State Budget:
November Revenues Near Projections, But Year-to-Date Revenues Still Lag

State number-crunchers were reasonably accurate in their forecast of general fund revenues in November. Revenues were down only $40.8 million (0.7 percent below estimates). But for the first five months of the 2009-10 fiscal year, general fund revenues are still $835 million (2.8 percent) below the forecast made when the budget was passed in July. This is attributable to personal income tax revenues that are $1.44 billion below projections so far. Since the PIT is the largest state revenue source, this gap is causing concern among state fiscal policymakers.

In other budget news:

Increase to Public Employee Pension Fund Likely in Next Year's Budget. As next year's budget is being crafted, an issue being debated is how much general fund revenue the California Public Employees' Retirement System (CalPERS) should receive. The amount will increase, but by how much?

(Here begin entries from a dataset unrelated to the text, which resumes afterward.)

(* Strong induction on [M]: away from the small states the drift of [V] pays
   for each step; from a small state the next [L] steps cost at most [L + C],
   after which [z] has been visited with probability at least [delta]. *)
Lemma hit_time_trunc_le_lyapunov : exists A, forall M x, hit_time_trunc M x <= V x + A.
Proof.
pose C : R := (r + L)%:R ^+ 2.
have C_ge0 : 0 <= C by apply: sqr_ge0.
have [A A_ge A_delta] := excursion_constant (ler0n R L) C_ge0 delta_gt0.
have A_ge1 : 1 <= A by have : (0 : R) <= L%:R by []; lra.
exists A => M; elim/ltn_ind: M => -[|M] IHM x; have VA := V_ge0 x.
  by rewrite /=; lra.
case: (eqVneq x z) => [->|xz]; first by rewrite /= eqxx addr0; have := V_ge0 z; lra.
have [r_le|lt_r] := leqP r (size x).
  rewrite /= (negbTE xz); have := V_drift r_le.
  have : step_mean (hit_time_trunc M) x <= step_mean (fun y => V y + A) x.
    by apply: ler_step_mean => i j; exact: IHM.
  rewrite step_meanD step_mean_cst; lra.
have [le_ML|lt_LM] := leqP M.+1 L.
  have := hit_time_trunc_le M.+1 x.
  have : (M.+1%:R : R) <= L%:R by rewrite ler_nat.
  lra.
have L_gt0 : (0 < L)%N.
  case: (posnP L) => // L0; have := taboo1_small lt_r; rewrite L0 /= => h.
  have : delta <= 0 by lra.
  by rewrite leNgt delta_gt0.
have -> : M.+1 = (L + (M.+1 - L))%N by rewrite subnKC // ltnW.
rewrite hit_time_truncD.
have excursion : taboo L (hit_time_trunc (M.+1 - L)) x <= taboo L V x + A * taboo L (fun=> 1) x.
  rewrite -taboo_linear; apply: ler_taboo => y; rewrite mulr1; apply: IHM; lia.
have V_local : taboo L V x <= C.
  apply: taboo_le_local => // y le_y; apply: le_trans (V_le_size y) _.
  by rewrite lerXn2r ?nnegrE // ler_nat (leq_trans le_y) // leq_add2r ltnW.
have A_taboo : A * taboo L (fun=> 1) x <= A * (1 - delta).
  by apply: ler_wpM2l; [lra | exact: taboo1_small].
have := hit_time_trunc_le L x; lra.
Qed.

End Foster.

End FiniteBranchingChain.

Local Notation next := Defs.next.
Local Notation i0 := (@ord0 1).
Local Notation i1 := (@ord_max 1).

Lemma ord2P (k : 'I_2) : k = i0 \/ k = i1.
Proof. by case: k => -[|[|k]] lt_k; [left | right |]; try apply: val_inj. Qed.

Lemma stratumP (s : stratum) :
  [\/ s = (i0, i0), s = (i0, i1), s = (i1, i0) | s = (i1, i1)].
Proof.
by case: s => k l; case: (ord2P k) => ->; case: (ord2P l) => ->;
  [apply: Or41 | apply: Or42 | apply: Or43 | apply: Or44].
Qed.

Lemma sum_stratum (V : nmodType) (F : stratum -> V) :
  \sum_t F t = F (i0, i0) + F (i0, i1) + F (i1, i0) + F (i1, i1).
Proof.
have -> : \sum_t F t = \sum_(i < 2) \sum_(j < 2) F (i, j).
  by rewrite pair_bigA; apply: eq_bigr => -[].
rewrite !big_ord_recl !big_ord0 /= !addr0 addrA.
by have -> : lift ord0 ord0 = i1 :> 'I_2 by apply: val_inj.
Qed.

Definition sgn (b : bool) : int := if b then 1 else -1.

Lemma next_cell (d : state) s b t : next d s b t = d t + (if t == s then sgn b else 0).
Proof. by rewrite ffunE. Qed.

Definition l1norm (d : state) : nat := \sum_t `|d t|.
Definition l1dist (x y : state) : nat := \sum_t `|x t - y t|.

Lemma l1norm_next d s b : (l1norm (next d s b) <= (l1norm d).+1)%N.
Proof.
rewrite /l1norm (bigD1 s) //= [in leqRHS](bigD1 s) //= next_cell eqxx -addSn.
rewrite leq_add //; first by rewrite /sgn; case: b; lia.
by apply: leq_sum => t /negbTE ts; rewrite next_cell ts addr0.
Qed.

Lemma l1dist_le_norm x y : (l1dist x y <= l1norm x + l1norm y)%N.
Proof. by rewrite /l1dist /l1norm -big_split; apply: leq_sum => t _ /=; lia. Qed.

Lemma l1dist_eq0 x y : (l1dist x y == 0%N) = (x == y).
Proof.
rewrite /l1dist sum_nat_eq0; apply/forallP/eqP => [xy|-> t]; last by rewrite subrr.
by apply/ffunP => t; move/implyP: (xy t) => /(_ isT); rewrite absz_eq0 subr_eq0 => /eqP.
Qed.

Lemma l1dist_step x y : x != y ->
  exists s b, l1dist (next x s b) y = (l1dist x y).-1.
Proof.
move=> /eqP xy; have [s xys] : exists s, x s != y s.
  by apply/existsP; apply: contra_notT xy => /existsPn xy; apply/ffunP => t; apply/eqP/negPn.
exists s, (x s < y s); rewrite /l1dist (bigD1 s) //= [in RHS](bigD1 s) //= next_cell eqxx.
rewrite (eq_bigr (fun t => absz (x t - y t))); last by move=> t /negbTE ts; rewrite next_cell ts addr0.
move: xys; rewrite /sgn; move: (x s) (y s) (\sum_(i | i != s) _)%N => a c S.
by case: ltP => /= h hs; lia.
Qed.

Lemma Dall_next d s b : Dall (next d s b) = Dall d + sgn b.
Proof.
rewrite /Dall (bigD1 s) //= [in RHS](bigD1 s) //= next_cell eqxx.
rewrite (eq_bigr d); last by move=> t /negbTE ts; rewrite next_cell ts addr0.
by rewrite addrAC.
Qed.

Lemma DallE d : Dall d = d (i0, i0) + d (i0, i1) + d (i1, i0) + d (i1, i1).
Proof. exact: sum_stratum. Qed.

Lemma Dm1E d k : Dm1 d k =
  if k == i0 then d (i0, i0) + d (i0, i1) else d (i1, i0) + d (i1, i1).
Proof.
by rewrite /Dm1 big_mkcond sum_stratum /=; case: (ord2P k) => ->; rewrite /= ?add0r ?addr0.
Qed.

Lemma Dm2E d k : Dm2 d k =
  if k == i0 then d (i0, i0) + d (i1, i0) else d (i0, i1) + d (i1, i1).
Proof.
by rewrite /Dm2 big_mkcond sum_stratum /=; case: (ord2P k) => ->; rewrite /= ?add0r ?addr0.
Qed.

Lemma ler_sum_mul_norm (R : realDomainType) (T : finType) (a b : T -> R) :
  \sum_t a t * b t <= (\sum_t `|a t|) * \sum_t `|b t|.
Proof.
rewrite mulr_suml; apply: ler_sum => t _; apply: le_trans (ler_norm _) _.
rewrite normrM ler_wpM2l // (bigD1 t) //= lerDl.
by apply: sumr_ge0.
Qed.

Lemma sqr_le_of_norm (R : realDomainType) (x y : R) : `|x| <= y -> x ^+ 2 <= y ^+ 2.
Proof.
move=> xy; rewrite -real_normK ?num_real // lerXn2r ?nnegrE //.
exact: le_trans (normr_ge0 x) xy.
Qed.

Lemma sum_sqr_le_sqr_sum_norm (R : realDomainType) (T : finType) (a : T -> R) :
  \sum_t a t ^+ 2 <= (\sum_t `|a t|) ^+ 2.
Proof.
rewrite [leRHS]expr2 mulr_suml; apply: ler_sum => t _.
rewrite -real_normK ?num_real // expr2 ler_wpM2l // (bigD1 t) //= lerDl.
exact: sumr_ge0.
Qed.

Lemma sqrD_le_sqr_normD (R : realDomainType) (x y : R) :
  x ^+ 2 + y ^+ 2 <= (`|x| + `|y|) ^+ 2.
Proof.
rewrite -(real_normK (num_real x)) -(real_normK (num_real y)).
by have := normr_ge0 x; have := normr_ge0 y; nra.
Qed.

Lemma l1normE (R : realDomainType) (d : state) :
  (l1norm d)%:R = \sum_t `|(d t)%:~R : R|.
Proof. by rewrite /l1norm natr_sum; apply: eq_bigr => t _; rewrite natr_absz intr_norm. Qed.

Section Lyapunov.
Variables (R : realType) (wo wm1 wm2 ws : R).
Hypotheses (wo_ge0 : 0 <= wo) (wm1_ge0 : 0 <= wm1) (wm2_ge0 : 0 <= wm2) (ws_ge0 : 0 <= ws).
Hypothesis w_sum1 : wo + wm1 + wm2 + ws = 1.

Definition lyap (d : state) : R :=
  wo * (Dall d)%:~R ^+ 2
  + wm1 * ((Dm1 d i0)%:~R ^+ 2 + (Dm1 d i1)%:~R ^+ 2)
  + wm2 * ((Dm2 d i0)%:~R ^+ 2 + (Dm2 d i1)%:~R ^+ 2)
  + ws * \sum_t (d t)%:~R ^+ 2.

Definition gap (d : state) (s : stratum) : R :=
  wo * (Dall d)%:~R + wm1 * (Dm1 d s.1)%:~R + wm2 * (Dm2 d s.2)%:~R + ws * (d s)%:~R.

Lemma imb_gap d s : imb wo wm1 wm2 ws d s 1 - imb wo wm1 wm2 ws d s (-1) = 4 * gap d s.
Proof. by rewrite /imb /gap !rmorphD /= !rmorphN /= !rmorph1; ring. Qed.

According to The Sacramento Bee, the Schwarzenegger administration is considering giving the agency $4.8 billion, an increase of $1.5 billion. Payments to the retirement system will be deferred to future years under a "smoothing plan" The governor believes "smoothing" is a formula to "pass the buck to our kids." The legislative analyst's budget deficit forecast assumed that the state would increase contributions to a $4.1 billion level, so a bigger payment will require additional strategies to cope with a larger deficit. (Source: The Sacramento Bee, December 6.)

State Debt Interest Costs Will Surpass $10 Billion, Treasurer Reports. Treasurer Bill Lockyer, during a December 14 presentation to a legislative budget committee, said general fund debt service on outstanding bonds, authorized-but-unissued bonds and proposed water bonds is set to peak in fiscal year 2020 at $10.45 billion, compared with a current level of approximately $6 billion. That debt interest cost will stay near the $10.45 billion level through 2028, Mr. Lockyer said.

As of December 1, California had $83.5 billion of outstanding long-term debt, almost all of it in fixed-rate bonds. Mr. Lockyer noted that California has low credit ratings, and thus pays 21.3 percent more in interest than states with the highest ratings. (Source: Reuters, December 14.)